▶ [WHAT THE TASK REQUIRES]:
Starting at the top of the records, output every line through the one that contains "have comp_pos : (0 < num_ucomp E)%N.", keeping each exactly as it appears.

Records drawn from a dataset
----------

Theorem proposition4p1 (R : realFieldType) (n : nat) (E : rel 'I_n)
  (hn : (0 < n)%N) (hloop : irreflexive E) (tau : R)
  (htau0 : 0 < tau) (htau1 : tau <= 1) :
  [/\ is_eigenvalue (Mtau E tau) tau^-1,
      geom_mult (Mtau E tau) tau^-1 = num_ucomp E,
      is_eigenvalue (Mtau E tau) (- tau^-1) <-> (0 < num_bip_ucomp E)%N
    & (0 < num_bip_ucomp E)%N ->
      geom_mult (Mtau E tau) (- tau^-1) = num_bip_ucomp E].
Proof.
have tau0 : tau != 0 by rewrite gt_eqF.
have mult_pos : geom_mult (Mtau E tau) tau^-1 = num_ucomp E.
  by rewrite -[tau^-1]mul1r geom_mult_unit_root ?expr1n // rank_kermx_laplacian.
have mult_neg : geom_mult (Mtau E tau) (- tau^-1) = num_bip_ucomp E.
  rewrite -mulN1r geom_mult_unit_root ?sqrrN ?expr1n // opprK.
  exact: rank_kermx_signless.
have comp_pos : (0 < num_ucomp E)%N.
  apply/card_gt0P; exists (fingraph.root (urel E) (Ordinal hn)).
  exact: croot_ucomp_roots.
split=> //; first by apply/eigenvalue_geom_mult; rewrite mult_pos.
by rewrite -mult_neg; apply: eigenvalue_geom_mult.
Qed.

----------

▶ [TASK SOLUTION]:
Theorem proposition4p1 (R : realFieldType) (n : nat) (E : rel 'I_n)
  (hn : (0 < n)%N) (hloop : irreflexive E) (tau : R)
  (htau0 : 0 < tau) (htau1 : tau <= 1) :
  [/\ is_eigenvalue (Mtau E tau) tau^-1,
      geom_mult (Mtau E tau) tau^-1 = num_ucomp E,
      is_eigenvalue (Mtau E tau) (- tau^-1) <-> (0 < num_bip_ucomp E)%N
    & (0 < num_bip_ucomp E)%N ->
      geom_mult (Mtau E tau) (- tau^-1) = num_bip_ucomp E].
Proof.
have tau0 : tau != 0 by rewrite gt_eqF.
have mult_pos : geom_mult (Mtau E tau) tau^-1 = num_ucomp E.
  by rewrite -[tau^-1]mul1r geom_mult_unit_root ?expr1n // rank_kermx_laplacian.
have mult_neg : geom_mult (Mtau E tau) (- tau^-1) = num_bip_ucomp E.
  rewrite -mulN1r geom_mult_unit_root ?sqrrN ?expr1n // opprK.
  exact: rank_kermx_signless.
have comp_pos : (0 < num_ucomp E)%N.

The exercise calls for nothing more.